ROBERT S. LASNIK, District Judge.
This matter comes before the Court on the "Federal Defendants' Motion to Stay Proceedings Pending Publication of Final Agency Rulemaking." Dkt. # 131. Plaintiffs filed this action in order to challenge the federal defendants' temporary modification of the United States Munitions List and a related letter purporting to authorize the private defendants to publish on the internet computer files for the automatic production of 3D-printed firearms. Plaintiffs maintain that the temporary modification and letter are invalid under the Administrative Procedures Act and seek the complete administrative record regarding the 2018 decision to deregulate the 3D-printed gun files. The federal defendants request a four-month stay of all proceedings while they finalize a rulemaking process that will presumably remove certain items from the Munitions List. Defendants assert that the final rule "pertains to" the authorizations granted the private defendants in 2018 and "is likely to affect the relief requested here by Plaintiffs." Dkt. # 131 at 6.

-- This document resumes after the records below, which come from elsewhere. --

Lemma norm_ramanujan_ap_step_dvda c w a : ~~ (p %| w)%N -> (p ^ j.+1 %| a)%N ->
  `|ramanujan_ap n c w a| <= (gcdn a n)%:R.
Proof.
move=> p_ndvd_w /dvdnP[b ->]; set P := (p ^ j.+1)%N.
have P_gt0 : (0 < P)%N by rewrite expn_gt0 prime_gt0.
have m_neq0 : (m%:R : R) != 0 by rewrite pnatr_eq0 -lt0n.
have P_neq0 : (P%:R : R) != 0 by rewrite pnatr_eq0 -lt0n.
have eE k : e_ ((b * P * k)%:R / n%:R) = e_ ((b * k)%:R / m%:R) :> R[i].
  by rewrite !natrM; congr e_; field; rewrite m_neq0 P_neq0.
have eEper t u : e_ ((b * (t + m * u))%:R / m%:R) = e_ ((b * t)%:R / m%:R) :> R[i].
  have -> : (b * (t + m * u))%:R / m%:R = (b * t)%:R / m%:R + (b * u)%:R :> R.
    by rewrite mulnDr mulnCA !natrD !natrM; field.
  by rewrite eD e_nat mulr1.
have termE t u : (coprime (c + w * (t + m * u)) n)%:R * e_ ((b * P * (t + m * u))%:R / n%:R) =
    (coprime (c + w * t) m)%:R * e_ ((b * t)%:R / m%:R) *
    (~~ (p %| c + w * t + w * m * u))%N%:R :> R[i].
  have -> : (c + w * (t + m * u) = c + w * t + w * m * u)%N by ring.
  rewrite coprime_mulpexp eE eEper [in X in coprime X _]mulnAC coprimeMDl.
  by case: (coprime _ m); rewrite ?mul0r //= mul1r mulrC.
rewrite /ramanujan_ap (big_nat_mul_offset _ m P) exchange_big /=.
under eq_bigr => t _ do under eq_bigr => u _ do rewrite termE.
have pP : (p %| P)%N by rewrite dvdn_exp.
have p_ndvd_wm : ~~ (p %| w * m)%N.
  by rewrite Euclid_dvdM // negb_or p_ndvd_w -prime_coprime.
under eq_bigr => t _ do rewrite -mulr_sumr sum_ndvd_affine //.
rewrite -mulr_suml normrM normr_nat -/(ramanujan_ap m c w b).
apply: le_trans (ler_wpM2r (ler0n _ _) (IHm c w b)) _.
by rewrite -natrM ler_nat -muln_gcdl leq_mul // leq_subr.
Qed.

Lemma norm_ramanujan_ap_step_ndvda c w a : ~~ (p %| w)%N -> ~~ (p ^ j.+1 %| a)%N ->
  `|ramanujan_ap n c w a| <= (gcdn a n)%:R.
Proof.
move=> p_ndvd_w P_ndvd_a.
have p_gt0 := prime_gt0 p_pr; have pj_gt0 : (0 < p ^ j)%N by rewrite expn_gt0 p_gt0.
have m_neq0 : (m%:R : R) != 0 by rewrite pnatr_eq0 -lt0n.
have pj_neq0 : ((p ^ j)%:R : R) != 0 by rewrite pnatr_eq0 -lt0n.
have p_neq0 : (p%:R : R) != 0 by rewrite pnatr_eq0 -lt0n.
(* The first of the two resulting sums vanishes because p^(j+1) does not divide a. *)
have indE x : (coprime x n)%:R =
    (coprime x m)%:R - (p %| x)%N%:R * (coprime x m)%:R :> R[i].
  rewrite coprime_mulpexp; case: (coprime x m); case: (p %| x)%N;
  by rewrite ?(mulr1, mul0r, mulr0, subrr, subr0).
rewrite /ramanujan_ap; under eq_bigr => k _ do rewrite indE mulrBl -mulrA.
rewrite sumrB sum_coprime_e_dilate ?expn_gt0 ?p_gt0 // (negbTE P_ndvd_a) sub0r normrN.
have p_dvd_n : (p %| n)%N by rewrite dvdn_mull // dvdn_exp.
have [k0 ->] := @sum_dvd_affine R[i] p n c w p_pr p_ndvd_w p_dvd_n.
have termE u : (coprime (c + w * (k0 + p * u)) m)%:R * e_ ((a * (k0 + p * u))%:R / n%:R) =
    e_ ((a * k0)%:R / n%:R) * ((coprime (c + w * k0 + w * p * u) m)%:R *
    e_ ((a * u)%:R / (m * p ^ j)%:R)) :> R[i].
  rewrite mulnDr addnA mulnA mulrCA -eD; congr (_ * e_ _).
  by rewrite expnSr !(natrM, natrD); field; rewrite m_neq0 pj_neq0 p_neq0.
have -> : (n %/ p = m * p ^ j)%N by rewrite expnSr mulnA mulnK.
under eq_bigr => u _ do rewrite termE.
rewrite -mulr_sumr normrM norm_e mul1r.
apply: le_trans (norm_sum_coprime_e_le _ _ _ _ pj_gt0) _.
rewrite ler_nat dvdn_leq ?gcdn_gt0 ?muln_gt0 ?m_gt0 ?expn_gt0 ?p_gt0 ?orbT //.
by rewrite dvdn_gcd dvdn_gcdl (dvdn_trans (dvdn_gcdr _ _)) // dvdn_mul // dvdn_exp2l.
Qed.

Lemma norm_ramanujan_ap_step c w a : `|ramanujan_ap n c w a| <= (gcdn a n)%:R.
Proof.
have [|p_ndvd_w] := boolP (p %| w)%N; first exact: norm_ramanujan_ap_step_dvdw.
have [|P_ndvd_a] := boolP (p ^ j.+1 %| a)%N.
  exact: norm_ramanujan_ap_step_dvda.
exact: norm_ramanujan_ap_step_ndvda.
Qed.

End InductionStep.

Lemma norm_ramanujan_ap_le n c w a : (0 < n)%N ->
  `|ramanujan_ap n c w a| <= (gcdn a n)%:R.
Proof.
elim/ltn_ind: n c w a => n IHn c w a n_gt0.
have [n_le1 | n_gt1] := leqP n 1.
  have -> : n = 1%N by apply/anti_leq; rewrite n_le1 n_gt0.
  by rewrite /ramanujan_ap big_nat1 coprimen1 muln0 mul0r e0 mulr1 gcdn1 normr1.
have p_pr : prime (pdiv n) := pdiv_prime n_gt1.
have [m co_pm n_eq] := pfactor_coprime p_pr n_gt0.
have : (0 < logn (pdiv n) n)%N by rewrite logn_gt0 mem_primes p_pr n_gt0 pdiv_dvd.
move: n_eq; case: (logn _ n) => // j n_eq _; rewrite n_eq in IHn n_gt0 *.
have m_gt0 : (0 < m)%N by move: n_gt0; rewrite muln_gt0 => /andP[].
apply: norm_ramanujan_ap_step => // c' w' a'; apply: IHn => //.
by rewrite ltn_Pmulr // -[1%N](expn0 (pdiv n)) ltn_exp2l ?prime_gt1.
Qed.

Lemma Rstar_ramanujan_ap (W q : nat) (b a h : int) : (0 < q)%N -> (0 < W)%N ->
  exists c (x : R), Rstar W b q a h = e_ x * ramanujan_ap q c W `|((a * h) %% q%:Z)%Z|%N.
Proof.
move=> q_gt0 W_gt0; set al := `|((a * h) %% q%:Z)%Z|%N.
have alE : ((a * h) %% q%:Z)%Z = al%:Z by rewrite gez0_abs // modz_ge0 // eqz_nat -lt0n.
set r := `|(b %% W%:Z)%Z|%N.
have rE : (b %% W%:Z)%Z = r%:Z by rewrite gez0_abs // modz_ge0 // eqz_nat -lt0n.
have congrE x : (x%:Z == b %[mod W%:Z])%Z = (x %% W == r)%N by rewrite rE modz_nat eqz_nat.
have [t0 lt_t0W t0E] := @affine_modn_surj W 1 1 (coprime1n W) r W_gt0.
have lt_rW : (r < W)%N by rewrite -ltz_nat -rE ltz_pmod.
rewrite (modn_small lt_rW) in t0E.
have pickE u t : (t < W)%N -> ((t + W * u).+1 %% W == r)%N = (t == t0).
  move=> lt_tW; have -> : ((t + W * u).+1 = u * W + (1 + 1 * t))%N by ring.
  rewrite modnMDl; apply/eqP/eqP => [tE | ->] //.
  by apply: (@affine_modn_inj W 1 1); rewrite ?coprime1n // tE t0E.
have if_andE (A B : bool) (x : R[i]) : (if A && B then x else 0) = B%:R * (A%:R * x).
  by case: A; case: B; rewrite ?mul1r ?mul0r.
exists t0.+1, ((a * t0.+1%:Z * h)%:~R / (q * W)%:R).
rewrite /Rstar big_add1 /= big_mkcond /=.
under eq_bigr => i _ do rewrite congrE if_andE.
rewrite mulnC (big_nat_mul_offset _ W q).
under eq_bigr => u _ do rewrite (sum_nat_indicator_pred1 _ _ _ _ _ lt_t0W (pickE u)).
have q_neq0 : (q%:R : R) != 0 by rewrite pnatr_eq0 -lt0n.
have W_neq0 : (W%:R : R) != 0 by rewrite pnatr_eq0 -lt0n.
rewrite /ramanujan_ap mulr_sumr; apply: eq_bigr => u _; rewrite -addSn mulrCA.
have -> : (a * (t0.+1 + W * u)%N%:Z * h)%:~R / (W * q)%:R =
    (a * t0.+1%:Z * h)%:~R / (W * q)%:R + ((a * h) * u%:Z)%:~R / q%:R :> R.
  by rewrite PoszD PoszM !(rmorphD, rmorphM) /= -!pmulrn; field; rewrite q_neq0 W_neq0.
by rewrite eD e_mulz_modz // alE -PoszM -pmulrn.
Qed.
End ExponentialSums.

As part of its inherent power to "control the disposition of the causes on its docket with economy of time and effort for itself, for counsel, and for litigants," this Court has the power to stay litigation pending resolution of a related proceeding.
The federal defendants have not made the necessary showing in terms of efficiency or fairness. Plaintiffs filed this action in July 2018 to prevent the federal defendants from acting on informal agency determinations that were not made in accordance with the Administrative Procedures Act and may violate the Eleventh Amendment. The federal defendants imply that the temporary modification and letter were part of a longer process which will ultimately justify the authorizations granted in 2018, but no details regarding the substance of the proposed final rule are provided and no attempt is made to show that the recent administrative processes remedy or otherwise make moot the prior administrative failures of which plaintiffs complain. The federal defendants have failed to do anything more than baldly assert that the final rules will impact the outcome of this case. With regards to the balance of hardships, defendants have not shown that they will suffer a clear harm or inequity if they are required to defend this case on the schedule to which they previously stipulated.
For all of the foregoing reasons, the federal defendants' motion for a stay of these proceedings is DENIED.